Definition dual_fill : int_chain := iscale (-1) (zigzag_fill ++ annulus_fill).

Lemma dual_fill_feasible : dual_feasible annulus cyc (ichain dual_fill) (3%:R / 2%:R).
Proof.
split; first by apply: annulus_chainP.
move=> e _.
have -> : bd (ichain dual_fill) e + 3%:R / 2%:R * cyc e
    = ichain (ibd dual_fill ++ iscale 3 inner_loop) e.
  rewrite ichain_cat bd_ichain // /cyc !ichain_scale mulrA; congr (_ + _ * _).
  by rewrite -[2%:~R]/(2%:R) -[3%:~R]/(3%:R) mulfVK // pnatr_eq0.
by apply: ichain_norm_le1; rewrite /icoef unlock.
Qed.

(** * A straight-line embedding of the annulus *)

Definition px : seq int := [:: 0; -2; 2; -6; 0; 6].
Definition py : seq int := [:: 2; -1; -1; 3; -6; 3].

Definition pt (i : 'I_6) : 'rV[R]_2 :=
  \row_(j < 2) (nth 0 (if val j == 0%nat then px else py) i)%:~R.

Lemma pt_x i : pt i ord0 ord0 = (nth 0 px i)%:~R.
Proof. by rewrite mxE. Qed.

Lemma pt_y i : pt i ord0 ord_max = (nth 0 py i)%:~R.
Proof. by rewrite mxE. Qed.

Definition int_form (a b c : int) (k : nat) : int := a * nth 0 px k + b * nth 0 py k + c.

Lemma affine_form_pt a b c i :
  affine_form a%:~R b%:~R c%:~R (pt i) = (int_form a b c i)%:~R.
Proof. by rewrite /affine_form pt_x pt_y !rmorphD !rmorphM. Qed.

Definition int_orient (i j k : nat) : int :=
  (nth 0 px j - nth 0 px i) * (nth 0 py k - nth 0 py i)
  - (nth 0 px k - nth 0 px i) * (nth 0 py j - nth 0 py i).

Lemma orient_pt i j k : orient (pt i) (pt j) (pt k) = (int_orient i j k)%:~R.
Proof. by rewrite /orient !pt_x !pt_y !(rmorphB, rmorphM). Qed.

Definition nondegenerate (T : seq nat) : bool :=
  if T is [:: a; b; c] then simplex_list 6 T && (int_orient a b c != 0) else false.

Lemma nondegenerateP T : nondegenerate T -> aff_indep pt (vset T).
Proof.
case: T => [|a [|b [|c [|]]]] //= /andP[/andP[abc_uniq abc_lt6] D].
move: abc_uniq abc_lt6; rewrite /= !inE !negb_or !andbT => /andP[/andP[ab ac] bc].
move=> /and3P[a6 b6 c6].
have -> : vset [:: a; b; c] = [set inord a; inord b; inord c] :> {set 'I_6}.
  by apply/setP => i; rewrite in_vset !inE -!val_eqE /= !inordK // orbA.
have inord_neq u v : (u < 6)%nat -> (v < 6)%nat -> u != v -> inord u != inord v :> 'I_6.
  by move=> u6 v6; apply: contra => /eqP/(congr1 val); rewrite /= !inordK // => ->.
apply: aff_indep3; rewrite ?inord_neq // orient_pt !inordK //.
by rewrite intr_eq0.
Qed.

(* [separates T1 T2 (a, b, c)]: the line a x + b y + c = 0 leaves T1 on the side <= 0
   and T2 on the side >= 0, and meets T1 only in vertices of T2. *)
Definition separates (T1 T2 : seq nat) (abc : int * int * int) : bool :=
  let: (a, b, c) := abc in
  all (fun k => [&& (k \in T1) ==> (int_form a b c k <= 0),
                    (k \in T2) ==> (0 <= int_form a b c k)
                  & (k \in T1) ==> (int_form a b c k != 0) || (k \in T2)]) (iota 0 6).

Lemma separatesP T1 T2 abc x : separates T1 T2 abc ->
  in_hull pt (vset T1) x -> in_hull pt (vset T2) x -> in_hull pt (vset T1 :&: vset T2) x.
Proof.
case: abc => [[a b] c] /allP sep.
have in_iota (i : 'I_6) : val i \in iota 0 6 by rewrite mem_iota add0n ltn_ord.
apply: (@in_hull_meet_separated _ _ a%:~R b%:~R c%:~R) => i;
  rewrite affine_form_pt in_vset; case/and3P: (sep _ (in_iota i)) => T1_le0 T2_ge0 T1_zero.
- by move=> iT1; move: T1_le0; rewrite iT1 lerz0.
- by move=> iT2; move: T2_ge0; rewrite iT2 ler0z.
- move=> iT1 /eqP; rewrite intr_eq0 in_vset.
  by move: T1_zero; rewrite iT1 /= => /orP[/negbTE->|].
Qed.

Task description.
Please reproduce exactly the lines in the listing above from the one containing "Definition pt (i" through the one containing "by apply/setP =>", both included, and nothing more.

Response area.
Definition pt (i : 'I_6) : 'rV[R]_2 :=
  \row_(j < 2) (nth 0 (if val j == 0%nat then px else py) i)%:~R.

Lemma pt_x i : pt i ord0 ord0 = (nth 0 px i)%:~R.
Proof. by rewrite mxE. Qed.

Lemma pt_y i : pt i ord0 ord_max = (nth 0 py i)%:~R.
Proof. by rewrite mxE. Qed.

Definition int_form (a b c : int) (k : nat) : int := a * nth 0 px k + b * nth 0 py k + c.

Lemma affine_form_pt a b c i :
  affine_form a%:~R b%:~R c%:~R (pt i) = (int_form a b c i)%:~R.
Proof. by rewrite /affine_form pt_x pt_y !rmorphD !rmorphM. Qed.

Definition int_orient (i j k : nat) : int :=
  (nth 0 px j - nth 0 px i) * (nth 0 py k - nth 0 py i)
  - (nth 0 px k - nth 0 px i) * (nth 0 py j - nth 0 py i).

Lemma orient_pt i j k : orient (pt i) (pt j) (pt k) = (int_orient i j k)%:~R.
Proof. by rewrite /orient !pt_x !pt_y !(rmorphB, rmorphM). Qed.

Definition nondegenerate (T : seq nat) : bool :=
  if T is [:: a; b; c] then simplex_list 6 T && (int_orient a b c != 0) else false.

Lemma nondegenerateP T : nondegenerate T -> aff_indep pt (vset T).
Proof.
case: T => [|a [|b [|c [|]]]] //= /andP[/andP[abc_uniq abc_lt6] D].
move: abc_uniq abc_lt6; rewrite /= !inE !negb_or !andbT => /andP[/andP[ab ac] bc].
move=> /and3P[a6 b6 c6].
have -> : vset [:: a; b; c] = [set inord a; inord b; inord c] :> {set 'I_6}.
  by apply/setP => i; rewrite in_vset !inE -!val_eqE /= !inordK // orbA.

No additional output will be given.